Не помню, чтобы он предложил коррективы к наметкам нашего плана. Но он заметно оживился, увидев в списке биологов имя Николая Ивановича Вавилова.

В научных и околонаучных кругах это имя было своего рода паролем. На сакраментальный вопрос: «С кем вы, мастера культуры?» – оно давало однозначный ответ. Великий растениевод и генетик был затравлен колхозным ученым Т. Д. Лысенко, арестован и погиб в заключении. Труды его были изъяты из библиотек, имя нигде не дозволялось упоминать. После смерти Сталина он был реабилитирован (потому и мог быть в нашем списке), но генетика оставалась буржуазной лженаукой, поганым менделизмом-вейсманизмом, служанкой ведомства Геббельса. Широкой публике имя Николая Вавилова было почти неизвестно – в отличие от его брата Сергея Вавилова, крупного физика, президента АН СССР.

Микулинский сказал, что книгу о Николае Ивановиче Вавилове надо издать в первую очередь, и подчеркнул, что это очень важно. О том, что вскоре я сам приступлю к книге о Вавилове, я не подозревал и ответил, что найти автора для этой темы не просто: большинство писателей, писавших о биологах и селекционерах, пели осанну Лысенко, привлекать их для написания книги о Вавилове было бы кощунством. При этих моих словах Микулинский как-то сник; мне стало ясно, что я сболтнул лишнее: ведь Лысенко был еще в полной силе. После паузы, глядя куда-то в сторону, Микулинский совсем другим тоном сказал:

– Это не так просто, у академика Лысенко есть заслуги…
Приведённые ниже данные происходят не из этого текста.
Lemma ray_exit (X : finType) (q d : X -> R) :
  (forall x, 0 <= q x) -> (forall x, q x = 0 -> d x = 0) -> (exists x, d x < 0) ->
  exists2 l, 0 < l &
    (forall x, 0 <= q x + l * d x) /\ exists2 x0, q x0 != 0 & q x0 + l * d x0 = 0.
Proof.
move=> q_ge0 d_supp [x1 dx1_lt0].
case: (arg_minP (fun x => q x / - d x) (dx1_lt0 : x1 \in [pred x | d x < 0])) => x0 /=.
move=> dx0_lt0 min_x0; have qx0_neq0 : q x0 != 0.
  by apply: contraTneq dx0_lt0 => /d_supp ->; rewrite ltxx.
have qx0_gt0 : 0 < q x0 by rewrite lt_def qx0_neq0 q_ge0.
exists (q x0 / - d x0); first by rewrite divr_gt0 ?oppr_gt0.
split; last first.
  by exists x0; rewrite // invrN mulrN mulNr -mulrA mulVf ?mulr1 ?subrr ?lt_eqF.
move=> x; have [dx_lt0|dx_ge0] := ltP (d x) 0.
  by have := min_x0 x dx_lt0; rewrite ler_pdivlMr ?oppr_gt0 // mulrN; lra.
by rewrite addr_ge0 // mulr_ge0 // ltW // divr_gt0 ?oppr_gt0.
Qed.

Lemma ex_kernel_vector (I C : finType) (S : {set I}) (A : I -> C -> R) :
  (#|C| < #|S|)%N ->
  exists2 u : {ffun I -> R}, u != 0 &
    (forall i, i \notin S -> u i = 0) /\ forall c, \sum_i u i * A i c = 0.
Proof.
move=> ltCS; have [i0 i0S] : exists i0, i0 \in S.
  by apply/card_gt0P; apply: leq_ltn_trans ltCS.
pose M := \matrix_(k < #|S|, c < #|C|) A (enum_val k) (enum_val c).
have /rowV0Pn[v /sub_kermxP vM0 v_neq0] : kermx M != 0.
  by rewrite kermx_eq0 /row_free neq_ltn (leq_ltn_trans (rank_leq_col M) ltCS).
pose h := enum_rank_in i0S.
exists [ffun i => if i \in S then v 0 (h i) else 0].
  move: v_neq0 => /rV0Pn[k vk_neq0]; apply: contraNneq vk_neq0 => /ffunP.
  by move=> /(_ (enum_val k)); rewrite !ffunE enum_valP /h enum_valK_in => ->.
split=> [i /negbTE iS|c]; first by rewrite ffunE iS.
move/matrixP: vM0 => /(_ 0 (enum_rank c)); rewrite !mxE => vMc0; rewrite -[RHS]vMc0.
rewrite [RHS](big_enum_rank i0S) /= [RHS]big_mkcond; apply: eq_bigr => i _.
by rewrite ffunE; case: ifP => iS; rewrite ?mul0r // mxE enum_rankK_in // enum_rankK.
Qed.

End Finite.

Section Vertex.
Variables (R : realType) (m n : nat).
Local Notation T := (tuples m n).

Definition supp (Q : {ffun T -> R}) : {set T} := [set t | Q t != 0].

Definition zero_marginals (d : {ffun T -> R}) : Prop :=
  \sum_t d t = 0 /\ forall (k : 'I_m) (j : 'I_n), \sum_(t : T | t k == j) d t = 0.

Definition vertex (Q : {ffun T -> R}) : Prop :=
  forall d : {ffun T -> R}, (forall t, Q t = 0 -> d t = 0) -> zero_marginals d -> d = 0.

Lemma zero_marginalsN (d : {ffun T -> R}) :
  zero_marginals d -> zero_marginals [ffun t => - d t].
Proof.
move=> [d_sum0 d_marg0]; split=> [|k j]; under eq_bigr do rewrite ffunE.
  by rewrite sumrN d_sum0 oppr0.
by rewrite sumrN d_marg0 oppr0.
Qed.

Variable p : 'I_m -> {ffun 'I_n -> R}.

Lemma coupling_shift (Q d : {ffun T -> R}) (l : R) :
  is_coupling p Q -> zero_marginals d -> (forall t, 0 <= Q t + l * d t) ->
  is_coupling p [ffun t => Q t + l * d t].
Proof.
move=> [_ Q_sum1 Q_marg] [d_sum0 d_marg0] shift_ge0.
split=> [t|| k j]; rewrite ?ffunE //; under eq_bigr do rewrite ffunE.
  by rewrite big_split /= -mulr_sumr d_sum0 mulr0 addr0.
by rewrite big_split /= -mulr_sumr d_marg0 mulr0 addr0.
Qed.

Lemma coupling_ray_exit (Q d : {ffun T -> R}) :
  is_coupling p Q -> (forall t, Q t = 0 -> d t = 0) -> zero_marginals d ->
  (exists t, d t < 0) ->
  exists2 l, 0 < l & is_coupling p [ffun t => Q t + l * d t] /\
    (support_size [ffun t => (Q t + l * d t)%R] < support_size Q)%N.
Proof.
move=> cQ d_supp zd neg_d; have [Q_ge0 _ _] := cQ.
have [l l_gt0 [shift_ge0 [t0 Qt0_neq0 shift_t0]]] := ray_exit Q_ge0 d_supp neg_d.
exists l => //; split; first exact: coupling_shift.
apply: proper_card; apply/properP; split.
  apply/subsetP => t; rewrite !inE ffunE; apply: contraNN => /eqP Qt0.
  by rewrite Qt0 (d_supp _ Qt0) mulr0 addr0.
by exists t0; rewrite !inE ?ffunE ?Qt0_neq0 ?shift_t0 ?eqxx.
Qed.
(* For every instance \(\mathcal{I}\) of 3-SAT, the graph \(G(\mathcal{I})\) constructed below is weakly chordal.
   Context: A graph is weakly chordal if neither it nor its complement contains an induced cycle of length at least 5. Let \(\mathcal{I}\) have variables \(x_1,\dots,x_k\) and clauses \(C_1,\dots,C_l\), each a disjunction of three literals. \(G(\mathcal{I})\) has vertices: literal vertices \(X=\{x_1,\dots,x_k,\overline{x_1},\dots,\overline{x_k}\}\), clause vertices \(c_1,\dots,c_l\), and six vertices \(r,p,q,a,b,t\). Edges: any two vertices of \(X\) are adjacent except the pairs \(x_j\overline{x_j}\); the clause vertices are pairwise nonadjacent; \(c_i\) is adjacent to every vertex of \(X\) except the three literal vertices of the literals of \(C_i\); each of \(r,p,q,a\) is adjacent to all literal vertices and all clause vertices; \(b\) is adjacent to all literal vertices; additionally the edges \(ab,ap,aq,bq,br,bt,pr,qr,qt\); no other edges. *)

From mathcomp Require Import all_boot.
Set Implicit Arguments. Unset Strict Implicit. Unset Printing Implicit Defensive.

Definition compl_rel (T : finType) (e : rel T) : rel T :=
  fun x y => (x != y) && ~~ e x y.

Definition induced_cycle (T : finType) (e : rel T) (n : nat) (f : 'I_n -> T) : Prop :=
  injective f /\
  forall i j : 'I_n, i != j ->
    e (f i) (f j) = (((i.+1 %% n)%N == j) || ((j.+1 %% n)%N == i)).

Definition has_long_hole (T : finType) (e : rel T) : Prop :=
  exists n : nat, (5 <= n)%N /\ exists f : 'I_n -> T, induced_cycle e f.

Definition weakly_chordal (T : finType) (e : rel T) : Prop :=
  ~ has_long_hole e /\ ~ has_long_hole (compl_rel e).

(* literal = (variable index, polarity); (j, true) is x_j, (j, false) is ~x_j *)
Definition literal (k : nat) := ('I_k * bool)%type.

Definition instance (k l : nat) := 'I_l -> 3.-tuple (literal k).

Definition vr : 'I_6 := @Ordinal 6 0 isT.
Definition vp : 'I_6 := @Ordinal 6 1 isT.
Definition vq : 'I_6 := @Ordinal 6 2 isT.
Definition va : 'I_6 := @Ordinal 6 3 isT.
Definition vb : 'I_6 := @Ordinal 6 4 isT.
Definition vt : 'I_6 := @Ordinal 6 5 isT.

(* vertices: literal vertices X, clause vertices c_i, special vertices *)
Definition vertex (k l : nat) := ((literal k + 'I_l) + 'I_6)%type.

Definition special_edges : seq ('I_6 * 'I_6) :=
  [:: (va, vb); (va, vp); (va, vq); (vb, vq); (vb, vr); (vb, vt);
      (vp, vr); (vq, vr); (vq, vt)].

Definition special_adj (s s' : 'I_6) : bool :=
  ((s, s') \in special_edges) || ((s', s) \in special_edges).

Definition special_lit (s : 'I_6) : bool := s \in [:: vr; vp; vq; va; vb].
Definition special_clause (s : 'I_6) : bool := s \in [:: vr; vp; vq; va].

Definition G_adj (k l : nat) (I : instance k l) : rel (vertex k l) :=
  fun u v =>
  match u, v with
  | inl (inl x), inl (inl y) => x.1 != y.1
  | inl (inl x), inl (inr i) => x \notin I i
  | inl (inr i), inl (inl x) => x \notin I i
  | inl (inr _), inl (inr _) => false
  | inl (inl _), inr s => special_lit s
  | inr s, inl (inl _) => special_lit s
  | inl (inr _), inr s => special_clause s
  | inr s, inl (inr _) => special_clause s
  | inr s, inr s' => special_adj s s'
  end.

From mathcomp Require Import all_boot zify.
Set Implicit Arguments. Unset Strict Implicit. Unset Printing Implicit Defensive.

(* Every vertex of a hole (an induced cycle of length at least 5) has two
   neighbours and two non-neighbours on it and no third neighbour, and the hole
   contains no triangle and no two vertices with two common neighbours.  These
   local conditions exclude r, p, q, a and t from a hole of G or of its
   complement, since each of them has too few neighbours or non-neighbours.
   In the complement the clauses form a clique and a literal is adjacent to no
   literal but its negation, so any hole closes a triangle or a 4-cycle.  In G,
   a hole through b or through a clause meets the literals in a single
   complementary pair, which then has two common neighbours on the hole; and a
   hole made of literals alone is impossible, since among the literals each one
   is non-adjacent only to its negation. *)

Definition two_nbrs (T : finType) (e : rel T) (H : {pred T}) : Prop :=
  forall u, u \in H -> exists v w, [/\ v \in H, w \in H, v != w, e u v & e u w].
(* The graph of Gamma is a finite union of polyhedra, hence closed, which is
   outer semicontinuity.  Fourier-Motzkin elimination shows that projections
   and sections of polyhedra are polyhedra; so dom H is a finite union of
   polyhedra, and so is its image under A(xib), which is a projection of a
   graph.  In particular that image is closed.

   The estimate holds with c = 0: near (xib, z, 0) the graph does not depend
   on xi.  Near each of its points x, a finite union of polyhedra S coincides
   with x + T(x), where T(x) is its (closed, conic) tangent cone.  Along the
   ray g |-> (xib, g z, 0) the constraint values are affine in g, so their
   signs are constant for g >= G and T(xib, g z, 0) is contained in
   T(xib, G z, 0) =: T.  With the homogeneity of S in (z, eta) this makes T
   stable under shrinking the xi-component, and by closedness that component
   can be dropped.  So if (xi, z', eta) in S is close to (xib, z, 0), scaling
   it by G, reading it in T, replacing xi by xib and scaling back gives
   (xib, z', eta) in S. *)

From HB Require Import structures.
From mathcomp Require Import all_boot all_order all_algebra.
From mathcomp Require Import all_classical all_reals all_analysis.
From mathcomp Require Import ring lra.
Import Order.TTheory GRing.Theory Num.Theory.
Import numFieldNormedType.Exports.
Local Open Scope classical_set_scope.
Local Open Scope ring_scope.
Set Implicit Arguments. Unset Strict Implicit. Unset Printing Implicit Defensive.

Section EuclideanNorm.
Variable R : realType.

Definition sqnorm k (v : 'cV[R]_k) : R := \sum_(i < k) v i 0 ^+ 2.

Lemma sqnorm_ge0 k (v : 'cV[R]_k) : 0 <= sqnorm v.
Proof. by apply: sumr_ge0 => i _; rewrite sqr_ge0. Qed.

Lemma sqnormZ k a (v : 'cV[R]_k) : sqnorm (a *: v) = a ^+ 2 * sqnorm v.
Proof. by rewrite /sqnorm mulr_sumr; apply: eq_bigr => i _; rewrite mxE exprMn. Qed.

Lemma sqnorm_col_mx a b (u : 'cV[R]_a) (v : 'cV[R]_b) :
  sqnorm (col_mx u v) = sqnorm u + sqnorm v.
Proof.
rewrite /sqnorm big_split_ord; congr (_ + _); apply: eq_bigr => i _.
  by rewrite col_mxEu.
by rewrite col_mxEd.
Qed.

Lemma enorm_ge0 k (v : 'cV[R]_k) : 0 <= enorm v.
Proof. exact: sqrtr_ge0. Qed.

Lemma enorm0 k : enorm (0 : 'cV[R]_k) = 0.
Proof. by rewrite /enorm big1 ?sqrtr0 // => i _; rewrite mxE expr0n. Qed.

Lemma enormZ k a (v : 'cV[R]_k) : enorm (a *: v) = `|a| * enorm v.
Proof. by rewrite /enorm -/(sqnorm _) sqnormZ sqrtrM ?sqr_ge0 // sqrtr_sqr. Qed.

Lemma enorm_le_enormZ k a (v : 'cV[R]_k) : 1 <= `|a| -> enorm v <= enorm (a *: v).
Proof. by move=> a1; rewrite enormZ ler_peMl ?enorm_ge0. Qed.

Lemma enorm_coord k (v : 'cV[R]_k) i : `|v i 0| <= enorm v.
Proof.
rewrite -sqrtr_sqr ler_wsqrtr // (bigD1 i) //= lerDl.
by apply: sumr_ge0 => j _; rewrite sqr_ge0.
Qed.

Lemma enorm_col_mx_le a b (u u' : 'cV[R]_a) (v v' : 'cV[R]_b) :
  enorm u <= enorm u' -> enorm v <= enorm v' ->
  enorm (col_mx u v) <= enorm (col_mx u' v').
Proof.
rewrite /enorm -!/(sqnorm _) !ler_sqrt ?sqnorm_ge0 // !sqnorm_col_mx.
exact: lerD.
Qed.

Lemma enorm_col_mx_leD a b (u : 'cV[R]_a) (v : 'cV[R]_b) :
  enorm (col_mx u v) <= enorm u + enorm v.
Proof.
have uv_ge0 : 0 <= enorm u + enorm v by rewrite addr_ge0 ?enorm_ge0.
rewrite -(ger0_norm uv_ge0) -sqrtr_sqr /enorm -!/(sqnorm _) ler_sqrt ?sqr_ge0 //.
rewrite sqnorm_col_mx sqrrD !sqr_sqrtr ?sqnorm_ge0 // -addrA lerD2l lerDr.
by rewrite mulrn_wge0 // mulr_ge0 // sqrtr_ge0.
Qed.

End EuclideanNorm.

Lemma cvg_col_mx (R : realType) {T} (F : set_system T) {FF : Filter F} a b c
    (u : T -> 'M[R]_(a, c)) (v : T -> 'M[R]_(b, c)) (x : 'M[R]_(a, c))
    (y : 'M[R]_(b, c)) :
  u @ F --> x -> v @ F --> y -> (fun t => col_mx (u t) (v t)) @ F --> col_mx x y.
Proof.
move=> /(cvg_mx_entourageP _) ux /(cvg_mx_entourageP _) vy.
apply/(cvg_mx_entourageP _) => A entA.
apply: (@filterS2 _ F FF _ _ _ _ (ux A entA) (vy A entA)) => t hu hv i j.
by rewrite !mxE; case: splitP => k _; [exact: hu | exact: hv].
Qed.

Lemma seq_bounded (R : realType) (T : eqType) (s : seq T) (f : T -> R) :
  exists2 M, 1 <= M & {in s, forall x, f x < M}.
Proof.
exists (1 + \sum_(x <- s) `|f x|); first by rewrite lerDl sumr_ge0.
move=> x xs; rewrite (big_rem x xs) /=.
have := ler_norm (f x); have : 0 <= \sum_(y <- rem x s) `|f y| by rewrite sumr_ge0.
lra.
Qed.

Lemma exists_small_factor (R : realType) (r t x : R) : 0 < r -> 0 < t -> 0 <= x ->
  exists2 s, 0 < s & t * s * x <= r.
Proof.
move=> r0 t0 x0; have x1 : 0 < x + 1 by rewrite ltr_pwDr.
exists (r / (t * (x + 1))); first by rewrite divr_gt0 // mulr_gt0.
have -> : t * (r / (t * (x + 1))) = r / (x + 1) by field; rewrite !gt_eqF.
by rewrite mulrAC ler_pdivrMr // ler_wpM2l ?ltW //; lra.
Qed.

Section LinearInequalities.
Variables (R : realType) (K : nat).

Definition ineq := ('rV[R]_K * R)%type.

Definition lhs (c : ineq) (x : 'cV[R]_K) : R := (c.1 *m x) 0 0.

Definition sat (s : seq ineq) (x : 'cV[R]_K) : bool := all (fun c => lhs c x <= c.2) s.

Definition polyunion (S : seq (seq ineq)) : set 'cV[R]_K :=
  \bigcup_(s in [set` S]) [set x | sat s x].

Lemma lhsD c x y : lhs c (x + y) = lhs c x + lhs c y.
Proof. by rewrite /lhs mulmxDr mxE. Qed.

Lemma lhsZ c a x : lhs c (a *: x) = a * lhs c x.
Proof. by rewrite /lhs -scalemxAr mxE. Qed.

Lemma lhs_le_enorm c x : `|lhs c x| <= (\sum_j `|c.1 0 j|) * enorm x.
Proof.
rewrite /lhs mxE mulr_suml; apply: le_trans (ler_norm_sum _ _ _) _.
by apply: ler_sum => j _; rewrite normrM ler_wpM2l // enorm_coord.
Qed.

Lemma lhs_continuous c : continuous (lhs c).
Proof.
have -> : lhs c = fun x => \sum_j c.1 0 j * x j 0.
  by apply/funext => x; rewrite /lhs mxE.
apply: continuous_big => [|j _ x]; first exact: add_continuous.
exact: continuous_comp (@coord_continuous R K 1 j 0 x)
  (@mulrl_continuous R (c.1 0 j) (x j 0)).
Qed.

Lemma closed_sat s : closed [set x | sat s x].
Proof.
have -> : [set x | sat s x] = \bigcap_(c in [set` s]) [set x | lhs c x <= c.2].
  by apply/seteqP; split => x /=; [move/allP | move=> h; apply/allP].
apply: closed_bigI => c _.
apply: (@preimage_closed _ _ (lhs c) [set y | y <= c.2]); last exact: closed_le.
by move=> x _; exact: lhs_continuous.
Qed.

Lemma closed_polyunion S : closed (polyunion S).
Proof.
by rewrite /polyunion bigcup_seq; apply: closed_bigsetU => s _; exact: closed_sat.
Qed.

End LinearInequalities.

Section FourierMotzkin.
Variables (R : realType) (K : nat).
Implicit Types (p q : ineq R K) (s : seq (ineq R K)) (d x : 'cV[R]_K).

Definition fm_comb d p q : ineq R K :=
  ((- lhs q d) *: p.1 + lhs p d *: q.1, (- lhs q d) * p.2 + lhs p d * q.2).

Lemma lhs_fm_comb d p q x :
  lhs (fm_comb d p q) x = - lhs q d * lhs p x + lhs p d * lhs q x.
Proof. by rewrite /fm_comb /lhs /= mulmxDl -!scalemxAl !mxE. Qed.

Definition fm_elim d s : seq (ineq R K) :=
  [seq c <- s | lhs c d == 0] ++
  [seq fm_comb d p q | p <- [seq c <- s | 0 < lhs c d],
                       q <- [seq c <- s | lhs c d < 0]].
Lemma black_face_edges m n : black m n ->
  (exists eh, face_of eh = (m,n) /\ edge_dir eh = Hor) /\
  (exists ev, face_of ev = (m,n) /\ edge_dir ev = Ver).
Proof.
  rewrite black_iff; intros [k Hk].
  destruct (Z.Even_or_Odd m) as [[p Hp]|[p Hp]]; split.
  - exists (Edge L1 p (k - p) Hor); cbn [face_of edge_dir]; split; [f_equal; lia | auto].
  - exists (Edge L2 p (k - p - 1) Ver); cbn [face_of edge_dir]; split; [f_equal; lia | auto].
  - exists (Edge L2 p (k - p - 1) Hor); cbn [face_of edge_dir]; split; [f_equal; lia | auto].
  - exists (Edge L1 (p+1) (k - p - 1) Ver); cbn [face_of edge_dir]; split; [f_equal; lia | auto].
Qed.

Lemma crosses_unique e e' u v : crosses e u v -> crosses e' u v -> e = e'.
Proof.
  destruct e as [[|] a b [|]], e' as [[|] a' b' [|]]; unfold crosses;
  cbn [face_of edge_dir fst snd]; intros H1 H2;
  repeat destruct H1 as [H1|H1]; repeat destruct H2 as [H2|H2];
  destruct_pairs; subst; destruct_pairs; first [ exfalso; lia | f_equal; lia ].
Qed.

(* The pair is a side of the black face [(x,y)] if that face is black, of [(x,y-1)] otherwise. *)
Lemma crosses_exists_right x y : exists e, crosses e (x,y) (x+1,y).
Proof.
  destruct (classic (black x y)) as [Hb|Hb].
  - destruct (black_face_edges x y Hb) as [_ [ev [Hf Hd]]]. exists ev.
    unfold crosses. rewrite Hd, Hf. cbn [fst snd]. left; auto.
  - assert (Hb' : black x (y-1)).
    { apply not_black_iff in Hb. apply black_iff. destruct Hb as [k Hk]. exists k; lia. }
    destruct (black_face_edges x (y-1) Hb') as [_ [ev [Hf Hd]]]. exists ev.
    unfold crosses. rewrite Hd, Hf. cbn [fst snd].
    right; right; left. split; f_equal; lia.
Qed.

Lemma crosses_exists_up x y : exists e, crosses e (x,y) (x,y+1).
Proof.
  destruct (classic (black x y)) as [Hb|Hb].
  - destruct (black_face_edges x y Hb) as [[eh [Hf Hd]] _]. exists eh.
    unfold crosses. rewrite Hd, Hf. cbn [fst snd]. left; auto.
  - assert (Hb' : black (x-1) y).
    { apply not_black_iff in Hb. apply black_iff. destruct Hb as [k Hk]. exists k; lia. }
    destruct (black_face_edges (x-1) y Hb') as [[eh [Hf Hd]] _]. exists eh.
    unfold crosses. rewrite Hd, Hf. cbn [fst snd].
    right; right; left. split; f_equal; lia.
Qed.
(* Let $\mathcal{H}_O\simeq\mathbb{C}^{d_O}$ and $\mathcal{H}_R\simeq\mathbb{C}^{d_R}$. Let $H_R=\sum_{m=1}^{d_R}\lambda_m^{\uparrow}|\xi_m\rangle\langle\xi_m|$ with $\lambda_1^\uparrow\leqslant\dots\leqslant\lambda_{d_R}^\uparrow$ and $\{|\xi_m\rangle\}$ an orthonormal basis of $\mathcal{H}_R$; let $\beta\in(0,\infty)$ and $\rho_R(\beta)=e^{-\beta H_R}/\mathrm{tr}[e^{-\beta H_R}]=\sum_m r_m^{\downarrow}|\xi_m\rangle\langle\xi_m|$. Let $\rho_O=\sum_{l=1}^{d_O}o_l^{\downarrow}|\varphi_l\rangle\langle\varphi_l|$ be a density operator on $\mathcal{H}_O$ with $o_1^\downarrow\geqslant\dots\geqslant o_{d_O}^\downarrow$ and $\{|\varphi_l\rangle\}$ an orthonormal basis. Write $\rho=\rho_O\otimes\rho_R(\beta)=\sum_{n=1}^{d_Od_R}p_n^{\downarrow}|\psi_n\rangle\langle\psi_n|$, where $(p_n^\downarrow)_n$ is the non-increasing rearrangement of $(o_l^\downarrow r_m^\downarrow)_{l,m}$ and $(|\psi_n\rangle)_n$ the correspondingly rearranged family $(|\varphi_l\rangle\otimes|\xi_m\rangle)_{l,m}$. For a unitary $U$ on $\mathcal{H}_O\otimes\mathcal{H}_R$, let $\rho'=U\rho U^\dagger$, $p(\varphi_1|\rho_O')=\langle\varphi_1|\mathrm{tr}_R[\rho']|\varphi_1\rangle$, and $\Delta Q(U)=\mathrm{tr}[H_R(\mathrm{tr}_O[\rho']-\rho_R(\beta))]$; let $p_{\varphi_1}^{\max}=\sum_{m=1}^{d_R}p_m^\downarrow$ (the maximum of $p(\varphi_1|\rho_O')$ over all unitaries). Suppose $U_{\mathrm{opt}}(0)$ is a unitary such that (i) $U_{\mathrm{opt}}(0)|\psi_m\rangle=|\varphi_1\rangle\otimes|\xi_m\rangle$ for all $m\in\{1,\dots,d_R\}$, and (ii) for each $m\in\{1,\dots,d_R\}$ there is an orthonormal family $\{|\varphi_l^m\rangle\}_{l=1}^{d_O-1}$ in $\mathcal{H}_O$, each member orthogonal to $|\varphi_1\rangle$, with $U_{\mathrm{opt}}(0)|\psi_{d_R+(m-1)(d_O-1)+l}\rangle=|\varphi_l^m\rangle\otimes|\xi_m\rangle$ for all $l\in\{1,\dots,d_O-1\}$. Then $U_{\mathrm{opt}}(0)$ attains $p(\varphi_1|\rho_O')=p_{\varphi_1}^{\max}$, and $\Delta Q(U_{\mathrm{opt}}(0))\leqslant\Delta Q(V)$ for every unitary $V$ on $\mathcal{H}_O\otimes\mathcal{H}_R$ that also attains $p(\varphi_1|\mathrm{tr}_R[V\rho V^\dagger])=p_{\varphi_1}^{\max}$.
   Context: $\mathrm{tr}_O,\mathrm{tr}_R$ denote partial traces over $\mathcal{H}_O$ and $\mathcal{H}_R$. In the paper the rules (i),(ii) are phrased by partitioning $(p_n^\downarrow)$ into the block $\Pi_0=(p_1^\downarrow,\dots,p_{d_R}^\downarrow)$ and blocks $\Pi_m=(p^\downarrow_{d_R+(m-1)(d_O-1)+l})_{l=1}^{d_O-1}$, $m\geqslant1$. *)

From HB Require Import structures.
From mathcomp Require Import all_boot all_order all_algebra.
From mathcomp Require Import complex.
From mathcomp Require Import reals.
From mathcomp.analysis Require Import sequences exp.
Я понял, что имею дело с очень осторожным дипломатом.

После падения Хрущева (октябрь 1964-го) Лысенко перестал быть неприкасаемым, и в считанные недели от всего «мичуринского» учения, лидером которого считался Лысенко, не осталось мокрого места. Микулинскому уже не надо было дипломатничать. Но вкрадчивая осторожность проявлялась во всем его облике.

27 декабря 1968 года был подписан «в свет» сигнал моей сильно урезанной из-за цензуры книги о Вавилове. Я запомнил дату, потому что это был день рождения моей мамы. По производственным условиям стотысячный тираж книги был уже отпечатан. Пользуясь тем, что я в издательстве свой, я спустился в типографию и выпросил экземпляр, чтобы показать его дома, не подозревая, каким драгоценным он вдруг окажется.

Сразу после новогодних праздников из ЦК партии пришла команда: книга идеологически вредная, не выпускать! На мое счастье, десятая часть тиража к тому времени уже была отправлена в книготорг, но директор издательства В. Н. Ганичев настолько перетрусил, что отказался выдать мне положенные по договору авторские экземпляры. Пытаясь найти защиту со стороны влиятельных ученых, я побывал в нескольких высоких кабинетах и, конечно, приехал к Микулинскому. Молча выслушав меня, он вызвал к подъезду черную институтскую «Волгу». Вырулив на Ленинский проспект, мы покатили к директору института академику Б. М. Кедрову домой: он в это время «болел». Кедров жил на улице Губкина, в большом академическом доме, который боковой стороной выходил на улицу Вавилова [С. И.], а фасадом смотрел на Институт общей генетики имени Вавилова Н. И.[21]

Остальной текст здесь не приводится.